* **TASK DETAILS**: If a line of the records contains the string "Lmat", copy it out.

* **DATA SHOWN**:
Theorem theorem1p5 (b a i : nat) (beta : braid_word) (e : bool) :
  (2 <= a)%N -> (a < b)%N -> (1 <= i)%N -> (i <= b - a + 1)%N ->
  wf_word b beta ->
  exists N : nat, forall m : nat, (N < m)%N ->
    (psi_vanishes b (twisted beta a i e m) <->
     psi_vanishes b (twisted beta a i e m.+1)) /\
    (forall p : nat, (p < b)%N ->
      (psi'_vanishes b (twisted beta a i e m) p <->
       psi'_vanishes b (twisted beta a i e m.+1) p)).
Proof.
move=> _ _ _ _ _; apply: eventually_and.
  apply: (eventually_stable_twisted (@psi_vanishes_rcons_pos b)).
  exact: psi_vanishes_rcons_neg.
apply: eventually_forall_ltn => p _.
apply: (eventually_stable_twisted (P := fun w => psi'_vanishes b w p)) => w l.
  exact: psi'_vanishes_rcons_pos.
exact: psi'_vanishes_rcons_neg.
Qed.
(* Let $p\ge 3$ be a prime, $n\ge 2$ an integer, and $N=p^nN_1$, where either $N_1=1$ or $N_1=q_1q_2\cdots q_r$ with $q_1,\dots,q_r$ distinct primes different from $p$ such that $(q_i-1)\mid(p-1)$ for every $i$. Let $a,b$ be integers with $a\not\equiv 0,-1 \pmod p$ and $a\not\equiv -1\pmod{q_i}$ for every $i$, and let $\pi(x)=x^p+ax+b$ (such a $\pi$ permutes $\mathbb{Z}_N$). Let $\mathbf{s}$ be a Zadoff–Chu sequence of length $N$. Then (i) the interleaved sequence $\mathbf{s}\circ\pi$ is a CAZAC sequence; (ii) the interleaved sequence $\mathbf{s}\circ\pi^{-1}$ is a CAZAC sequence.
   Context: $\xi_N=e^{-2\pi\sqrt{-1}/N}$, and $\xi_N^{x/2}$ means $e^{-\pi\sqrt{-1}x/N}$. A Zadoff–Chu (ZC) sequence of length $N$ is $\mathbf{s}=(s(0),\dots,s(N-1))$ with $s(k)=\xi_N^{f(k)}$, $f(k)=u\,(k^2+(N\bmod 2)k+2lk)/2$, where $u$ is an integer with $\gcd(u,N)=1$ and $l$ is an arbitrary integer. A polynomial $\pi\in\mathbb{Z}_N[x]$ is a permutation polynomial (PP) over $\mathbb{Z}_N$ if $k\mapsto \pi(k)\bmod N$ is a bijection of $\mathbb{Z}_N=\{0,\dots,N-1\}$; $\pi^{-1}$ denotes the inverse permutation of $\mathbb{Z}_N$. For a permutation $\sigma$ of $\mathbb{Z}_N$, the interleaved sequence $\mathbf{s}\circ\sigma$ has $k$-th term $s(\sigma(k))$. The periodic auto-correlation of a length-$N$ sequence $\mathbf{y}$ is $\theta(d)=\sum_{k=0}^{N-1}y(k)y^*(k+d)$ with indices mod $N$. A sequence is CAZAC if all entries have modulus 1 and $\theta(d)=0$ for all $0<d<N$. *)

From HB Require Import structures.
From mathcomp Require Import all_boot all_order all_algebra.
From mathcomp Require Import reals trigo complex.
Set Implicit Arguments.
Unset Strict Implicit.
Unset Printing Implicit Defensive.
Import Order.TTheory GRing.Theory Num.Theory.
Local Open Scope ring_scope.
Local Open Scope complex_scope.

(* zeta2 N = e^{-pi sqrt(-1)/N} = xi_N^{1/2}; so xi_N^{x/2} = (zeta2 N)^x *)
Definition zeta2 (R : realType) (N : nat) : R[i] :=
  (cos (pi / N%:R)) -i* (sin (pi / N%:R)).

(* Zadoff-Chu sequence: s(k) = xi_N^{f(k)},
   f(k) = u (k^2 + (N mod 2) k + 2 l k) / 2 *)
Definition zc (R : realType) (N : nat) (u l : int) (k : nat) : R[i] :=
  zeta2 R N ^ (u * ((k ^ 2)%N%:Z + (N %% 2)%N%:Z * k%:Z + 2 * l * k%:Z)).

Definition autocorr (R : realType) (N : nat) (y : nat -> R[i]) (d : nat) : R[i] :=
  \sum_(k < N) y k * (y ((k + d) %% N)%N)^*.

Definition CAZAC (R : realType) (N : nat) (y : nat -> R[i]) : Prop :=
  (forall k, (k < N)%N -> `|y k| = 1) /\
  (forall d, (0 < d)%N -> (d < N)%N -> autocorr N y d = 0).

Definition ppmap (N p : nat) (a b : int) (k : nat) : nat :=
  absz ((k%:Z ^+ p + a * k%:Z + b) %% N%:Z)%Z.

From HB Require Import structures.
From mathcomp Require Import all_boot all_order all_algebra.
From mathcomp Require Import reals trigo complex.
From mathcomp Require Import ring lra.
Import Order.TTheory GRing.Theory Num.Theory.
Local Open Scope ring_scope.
==
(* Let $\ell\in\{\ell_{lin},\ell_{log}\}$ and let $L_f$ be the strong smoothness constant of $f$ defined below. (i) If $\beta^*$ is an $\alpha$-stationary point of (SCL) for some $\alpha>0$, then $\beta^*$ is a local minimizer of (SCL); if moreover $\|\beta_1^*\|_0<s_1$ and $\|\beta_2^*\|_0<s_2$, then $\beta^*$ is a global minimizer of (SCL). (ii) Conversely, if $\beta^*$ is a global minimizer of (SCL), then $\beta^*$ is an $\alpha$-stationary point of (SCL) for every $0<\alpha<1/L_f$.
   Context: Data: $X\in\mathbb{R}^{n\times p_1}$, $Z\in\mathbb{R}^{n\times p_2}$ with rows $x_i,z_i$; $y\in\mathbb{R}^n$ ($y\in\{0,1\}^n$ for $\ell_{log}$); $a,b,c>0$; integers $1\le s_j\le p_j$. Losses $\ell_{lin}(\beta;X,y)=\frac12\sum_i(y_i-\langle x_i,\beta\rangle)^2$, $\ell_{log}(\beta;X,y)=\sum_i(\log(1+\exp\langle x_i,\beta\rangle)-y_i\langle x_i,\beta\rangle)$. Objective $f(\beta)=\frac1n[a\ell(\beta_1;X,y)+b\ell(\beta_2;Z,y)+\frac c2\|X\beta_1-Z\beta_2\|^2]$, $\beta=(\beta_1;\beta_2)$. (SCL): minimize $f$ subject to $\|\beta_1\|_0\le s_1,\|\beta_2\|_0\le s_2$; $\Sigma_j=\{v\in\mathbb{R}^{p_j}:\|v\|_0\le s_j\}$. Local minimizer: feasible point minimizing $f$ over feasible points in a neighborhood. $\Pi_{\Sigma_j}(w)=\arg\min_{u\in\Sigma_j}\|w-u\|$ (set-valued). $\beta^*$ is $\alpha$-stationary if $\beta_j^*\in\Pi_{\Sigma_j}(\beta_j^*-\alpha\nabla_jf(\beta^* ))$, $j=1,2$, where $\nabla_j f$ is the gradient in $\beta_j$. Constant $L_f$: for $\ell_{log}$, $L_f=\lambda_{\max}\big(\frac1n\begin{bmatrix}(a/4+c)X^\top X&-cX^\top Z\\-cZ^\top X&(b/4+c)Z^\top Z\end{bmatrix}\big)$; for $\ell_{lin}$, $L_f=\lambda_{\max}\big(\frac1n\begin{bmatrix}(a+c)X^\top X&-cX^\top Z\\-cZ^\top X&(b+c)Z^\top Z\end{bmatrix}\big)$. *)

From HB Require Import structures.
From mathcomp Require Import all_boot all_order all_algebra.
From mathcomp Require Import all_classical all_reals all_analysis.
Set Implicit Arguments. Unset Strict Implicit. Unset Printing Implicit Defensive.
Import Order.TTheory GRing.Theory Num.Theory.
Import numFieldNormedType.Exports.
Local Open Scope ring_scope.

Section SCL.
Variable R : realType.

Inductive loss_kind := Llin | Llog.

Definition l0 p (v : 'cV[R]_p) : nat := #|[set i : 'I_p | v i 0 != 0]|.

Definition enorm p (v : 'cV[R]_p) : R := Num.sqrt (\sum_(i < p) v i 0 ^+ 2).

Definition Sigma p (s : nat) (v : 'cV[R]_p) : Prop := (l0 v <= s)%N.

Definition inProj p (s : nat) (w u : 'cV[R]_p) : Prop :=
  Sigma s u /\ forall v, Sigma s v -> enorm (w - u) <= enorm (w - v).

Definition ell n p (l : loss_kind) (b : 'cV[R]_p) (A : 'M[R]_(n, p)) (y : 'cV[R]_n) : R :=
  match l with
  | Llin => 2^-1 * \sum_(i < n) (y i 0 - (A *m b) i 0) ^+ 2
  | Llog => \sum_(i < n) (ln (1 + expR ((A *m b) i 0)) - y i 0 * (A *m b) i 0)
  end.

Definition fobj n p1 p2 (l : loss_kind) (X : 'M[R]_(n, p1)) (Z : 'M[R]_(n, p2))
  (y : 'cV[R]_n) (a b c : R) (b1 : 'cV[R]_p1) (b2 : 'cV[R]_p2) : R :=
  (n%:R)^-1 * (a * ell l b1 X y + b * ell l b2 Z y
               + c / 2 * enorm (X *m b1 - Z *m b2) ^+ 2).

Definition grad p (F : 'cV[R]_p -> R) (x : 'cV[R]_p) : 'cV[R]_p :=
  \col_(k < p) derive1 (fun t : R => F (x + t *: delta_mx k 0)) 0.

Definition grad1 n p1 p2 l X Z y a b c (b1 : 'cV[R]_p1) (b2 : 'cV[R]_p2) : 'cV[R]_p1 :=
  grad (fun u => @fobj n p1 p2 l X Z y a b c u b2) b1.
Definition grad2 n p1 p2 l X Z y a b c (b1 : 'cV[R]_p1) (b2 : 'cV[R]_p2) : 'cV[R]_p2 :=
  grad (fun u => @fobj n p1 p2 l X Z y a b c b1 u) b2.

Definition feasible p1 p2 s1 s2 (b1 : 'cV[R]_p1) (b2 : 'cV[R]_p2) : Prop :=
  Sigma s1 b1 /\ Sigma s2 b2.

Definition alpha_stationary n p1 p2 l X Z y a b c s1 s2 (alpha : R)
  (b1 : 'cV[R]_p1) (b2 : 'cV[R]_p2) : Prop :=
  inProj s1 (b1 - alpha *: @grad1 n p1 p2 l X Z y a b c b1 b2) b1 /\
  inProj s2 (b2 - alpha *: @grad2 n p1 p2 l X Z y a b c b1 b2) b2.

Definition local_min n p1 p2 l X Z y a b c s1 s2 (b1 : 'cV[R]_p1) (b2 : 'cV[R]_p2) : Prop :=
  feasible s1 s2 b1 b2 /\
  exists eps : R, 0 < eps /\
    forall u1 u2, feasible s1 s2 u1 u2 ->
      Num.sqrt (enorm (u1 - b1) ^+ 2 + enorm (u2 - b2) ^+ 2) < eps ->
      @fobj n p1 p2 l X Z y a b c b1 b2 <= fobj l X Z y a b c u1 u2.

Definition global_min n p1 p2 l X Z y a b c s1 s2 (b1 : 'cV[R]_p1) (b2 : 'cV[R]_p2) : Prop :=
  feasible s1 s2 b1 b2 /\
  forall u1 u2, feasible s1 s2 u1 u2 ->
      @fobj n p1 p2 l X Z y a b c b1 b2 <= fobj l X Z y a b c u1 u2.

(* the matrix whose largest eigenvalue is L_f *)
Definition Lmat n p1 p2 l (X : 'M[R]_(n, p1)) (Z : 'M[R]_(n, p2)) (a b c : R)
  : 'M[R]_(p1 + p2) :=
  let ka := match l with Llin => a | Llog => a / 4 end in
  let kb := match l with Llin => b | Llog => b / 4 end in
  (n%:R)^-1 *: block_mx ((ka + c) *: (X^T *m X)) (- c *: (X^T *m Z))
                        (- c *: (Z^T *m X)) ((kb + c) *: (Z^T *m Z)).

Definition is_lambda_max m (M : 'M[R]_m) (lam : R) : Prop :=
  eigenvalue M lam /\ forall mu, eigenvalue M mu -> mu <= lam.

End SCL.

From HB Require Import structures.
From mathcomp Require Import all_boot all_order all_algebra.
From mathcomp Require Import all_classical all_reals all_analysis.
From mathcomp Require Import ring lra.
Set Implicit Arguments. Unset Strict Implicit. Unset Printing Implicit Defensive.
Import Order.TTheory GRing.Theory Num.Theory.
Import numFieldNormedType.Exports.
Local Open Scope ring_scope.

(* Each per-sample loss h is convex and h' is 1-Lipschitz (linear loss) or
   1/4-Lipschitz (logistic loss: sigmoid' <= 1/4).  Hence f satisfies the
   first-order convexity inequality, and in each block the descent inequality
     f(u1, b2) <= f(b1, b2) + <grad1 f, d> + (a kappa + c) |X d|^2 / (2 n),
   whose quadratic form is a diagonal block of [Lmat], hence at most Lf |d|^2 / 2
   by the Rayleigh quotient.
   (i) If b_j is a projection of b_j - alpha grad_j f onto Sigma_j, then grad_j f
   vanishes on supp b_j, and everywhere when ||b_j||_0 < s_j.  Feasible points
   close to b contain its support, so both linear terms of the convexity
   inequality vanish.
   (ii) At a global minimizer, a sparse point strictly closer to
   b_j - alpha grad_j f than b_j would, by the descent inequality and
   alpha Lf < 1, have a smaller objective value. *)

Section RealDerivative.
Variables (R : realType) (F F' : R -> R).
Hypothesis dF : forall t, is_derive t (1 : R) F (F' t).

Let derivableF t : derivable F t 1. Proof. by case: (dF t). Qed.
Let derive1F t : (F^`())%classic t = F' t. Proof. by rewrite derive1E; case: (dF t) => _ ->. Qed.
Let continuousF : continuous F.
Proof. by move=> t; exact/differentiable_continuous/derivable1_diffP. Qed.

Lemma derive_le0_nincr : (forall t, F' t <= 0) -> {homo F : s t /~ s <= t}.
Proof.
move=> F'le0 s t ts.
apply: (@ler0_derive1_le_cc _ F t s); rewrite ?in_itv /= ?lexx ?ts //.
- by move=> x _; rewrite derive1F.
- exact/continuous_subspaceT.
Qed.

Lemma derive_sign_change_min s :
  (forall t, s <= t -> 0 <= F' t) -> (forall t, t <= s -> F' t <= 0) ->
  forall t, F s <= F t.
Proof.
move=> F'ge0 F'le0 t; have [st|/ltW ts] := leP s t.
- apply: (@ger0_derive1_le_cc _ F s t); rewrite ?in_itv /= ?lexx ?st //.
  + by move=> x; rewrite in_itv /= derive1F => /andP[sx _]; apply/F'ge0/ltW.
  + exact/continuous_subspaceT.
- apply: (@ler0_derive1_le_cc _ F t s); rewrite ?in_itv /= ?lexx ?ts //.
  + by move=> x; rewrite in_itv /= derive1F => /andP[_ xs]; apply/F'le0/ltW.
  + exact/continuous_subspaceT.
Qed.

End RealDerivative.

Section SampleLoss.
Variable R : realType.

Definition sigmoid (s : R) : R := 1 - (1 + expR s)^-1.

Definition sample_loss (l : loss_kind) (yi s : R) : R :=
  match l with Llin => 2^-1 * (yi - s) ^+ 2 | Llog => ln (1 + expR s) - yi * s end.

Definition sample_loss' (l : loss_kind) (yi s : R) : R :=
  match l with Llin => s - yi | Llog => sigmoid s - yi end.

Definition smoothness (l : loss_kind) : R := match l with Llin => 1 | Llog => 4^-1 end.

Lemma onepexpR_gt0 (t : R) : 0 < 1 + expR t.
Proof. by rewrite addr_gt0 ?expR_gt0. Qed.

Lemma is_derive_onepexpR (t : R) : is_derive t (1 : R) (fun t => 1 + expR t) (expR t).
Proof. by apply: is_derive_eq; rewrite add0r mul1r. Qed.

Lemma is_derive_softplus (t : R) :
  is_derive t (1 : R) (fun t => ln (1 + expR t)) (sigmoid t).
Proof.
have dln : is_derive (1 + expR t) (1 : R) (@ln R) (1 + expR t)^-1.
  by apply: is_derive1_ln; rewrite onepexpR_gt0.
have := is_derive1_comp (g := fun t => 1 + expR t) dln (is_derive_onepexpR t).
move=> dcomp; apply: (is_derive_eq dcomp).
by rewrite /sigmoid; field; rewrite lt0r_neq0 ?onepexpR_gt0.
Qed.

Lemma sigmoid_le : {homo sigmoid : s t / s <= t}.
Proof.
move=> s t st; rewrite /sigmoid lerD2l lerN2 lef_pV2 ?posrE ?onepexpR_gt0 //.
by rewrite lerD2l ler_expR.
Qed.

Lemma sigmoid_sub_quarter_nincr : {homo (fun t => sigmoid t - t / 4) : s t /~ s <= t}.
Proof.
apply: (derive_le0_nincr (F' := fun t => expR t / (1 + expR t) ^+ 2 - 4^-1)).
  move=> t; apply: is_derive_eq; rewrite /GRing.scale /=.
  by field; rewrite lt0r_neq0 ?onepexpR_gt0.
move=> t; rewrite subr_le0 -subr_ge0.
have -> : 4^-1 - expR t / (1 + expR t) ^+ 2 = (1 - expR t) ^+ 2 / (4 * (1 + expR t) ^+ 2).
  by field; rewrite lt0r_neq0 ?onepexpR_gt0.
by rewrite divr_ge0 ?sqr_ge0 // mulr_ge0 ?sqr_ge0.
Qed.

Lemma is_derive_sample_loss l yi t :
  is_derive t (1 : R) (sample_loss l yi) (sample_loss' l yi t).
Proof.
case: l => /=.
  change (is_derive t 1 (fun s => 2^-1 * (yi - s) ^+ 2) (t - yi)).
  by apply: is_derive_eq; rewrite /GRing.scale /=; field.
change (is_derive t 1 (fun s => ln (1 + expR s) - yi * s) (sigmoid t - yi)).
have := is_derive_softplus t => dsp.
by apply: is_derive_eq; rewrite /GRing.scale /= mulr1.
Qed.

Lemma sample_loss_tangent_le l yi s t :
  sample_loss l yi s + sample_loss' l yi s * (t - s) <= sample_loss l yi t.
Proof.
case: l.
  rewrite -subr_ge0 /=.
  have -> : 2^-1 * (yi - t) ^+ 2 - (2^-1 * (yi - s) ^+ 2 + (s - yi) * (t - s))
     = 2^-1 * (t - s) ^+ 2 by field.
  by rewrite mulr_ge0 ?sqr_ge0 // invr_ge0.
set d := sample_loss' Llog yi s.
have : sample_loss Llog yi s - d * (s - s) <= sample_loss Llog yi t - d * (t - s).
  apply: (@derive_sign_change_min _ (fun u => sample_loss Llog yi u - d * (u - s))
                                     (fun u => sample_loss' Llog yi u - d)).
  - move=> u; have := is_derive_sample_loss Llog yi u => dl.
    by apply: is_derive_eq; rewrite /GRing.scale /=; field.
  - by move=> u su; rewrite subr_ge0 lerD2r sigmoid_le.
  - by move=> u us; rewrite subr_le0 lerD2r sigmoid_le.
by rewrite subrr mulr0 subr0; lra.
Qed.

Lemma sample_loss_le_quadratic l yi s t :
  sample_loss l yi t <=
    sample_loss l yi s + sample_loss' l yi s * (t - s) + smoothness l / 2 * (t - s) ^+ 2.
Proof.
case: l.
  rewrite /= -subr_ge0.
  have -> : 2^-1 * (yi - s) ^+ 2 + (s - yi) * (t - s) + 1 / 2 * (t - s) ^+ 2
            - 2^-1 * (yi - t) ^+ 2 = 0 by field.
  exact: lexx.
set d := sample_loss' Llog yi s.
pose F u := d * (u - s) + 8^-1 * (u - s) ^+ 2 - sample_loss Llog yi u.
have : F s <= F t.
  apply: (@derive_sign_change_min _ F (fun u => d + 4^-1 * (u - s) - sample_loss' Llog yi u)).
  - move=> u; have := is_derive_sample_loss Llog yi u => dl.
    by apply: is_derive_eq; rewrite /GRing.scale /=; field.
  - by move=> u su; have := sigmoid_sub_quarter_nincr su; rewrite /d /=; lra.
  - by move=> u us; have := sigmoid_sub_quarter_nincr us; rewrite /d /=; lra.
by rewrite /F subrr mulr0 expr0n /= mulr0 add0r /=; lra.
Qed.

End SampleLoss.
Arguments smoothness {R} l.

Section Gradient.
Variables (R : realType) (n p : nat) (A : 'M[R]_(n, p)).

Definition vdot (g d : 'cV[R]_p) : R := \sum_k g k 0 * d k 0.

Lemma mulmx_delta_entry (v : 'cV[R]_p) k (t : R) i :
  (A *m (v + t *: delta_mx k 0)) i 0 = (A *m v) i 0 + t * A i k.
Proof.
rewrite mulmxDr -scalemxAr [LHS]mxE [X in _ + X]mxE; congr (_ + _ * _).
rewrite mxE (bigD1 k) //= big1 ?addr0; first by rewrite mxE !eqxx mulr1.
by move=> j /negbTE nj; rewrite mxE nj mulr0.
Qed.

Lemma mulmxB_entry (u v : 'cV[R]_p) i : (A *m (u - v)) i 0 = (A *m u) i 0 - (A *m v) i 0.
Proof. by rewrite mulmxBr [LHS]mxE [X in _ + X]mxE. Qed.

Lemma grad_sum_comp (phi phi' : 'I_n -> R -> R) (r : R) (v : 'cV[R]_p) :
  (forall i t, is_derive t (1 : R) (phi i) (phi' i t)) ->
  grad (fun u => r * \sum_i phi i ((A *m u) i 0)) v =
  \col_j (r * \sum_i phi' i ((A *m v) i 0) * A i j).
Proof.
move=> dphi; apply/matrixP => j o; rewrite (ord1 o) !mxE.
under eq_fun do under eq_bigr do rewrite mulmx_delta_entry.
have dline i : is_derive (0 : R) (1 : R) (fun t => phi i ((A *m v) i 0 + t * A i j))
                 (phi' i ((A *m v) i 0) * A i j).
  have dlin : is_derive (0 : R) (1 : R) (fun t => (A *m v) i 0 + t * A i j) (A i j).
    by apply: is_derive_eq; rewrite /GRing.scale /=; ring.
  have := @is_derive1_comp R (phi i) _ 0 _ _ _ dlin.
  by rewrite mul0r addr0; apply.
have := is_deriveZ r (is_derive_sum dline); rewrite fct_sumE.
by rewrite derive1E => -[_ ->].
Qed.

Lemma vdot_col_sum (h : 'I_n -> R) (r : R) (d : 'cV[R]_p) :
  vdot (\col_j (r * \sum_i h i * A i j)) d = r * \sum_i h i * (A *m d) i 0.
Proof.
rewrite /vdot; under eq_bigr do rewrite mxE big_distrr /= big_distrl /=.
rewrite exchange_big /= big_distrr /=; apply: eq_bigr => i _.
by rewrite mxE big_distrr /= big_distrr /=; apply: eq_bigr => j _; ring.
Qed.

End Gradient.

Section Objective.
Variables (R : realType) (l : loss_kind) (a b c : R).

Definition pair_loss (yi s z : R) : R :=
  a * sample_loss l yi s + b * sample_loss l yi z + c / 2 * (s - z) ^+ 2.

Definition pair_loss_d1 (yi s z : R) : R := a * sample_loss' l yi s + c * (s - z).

* **SOLUTION**:
Definition Lmat n p1 p2 l (X : 'M[R]_(n, p1)) (Z : 'M[R]_(n, p2)) (a b c : R)
   whose quadratic form is a diagonal block of [Lmat], hence at most Lf |d|^2 / 2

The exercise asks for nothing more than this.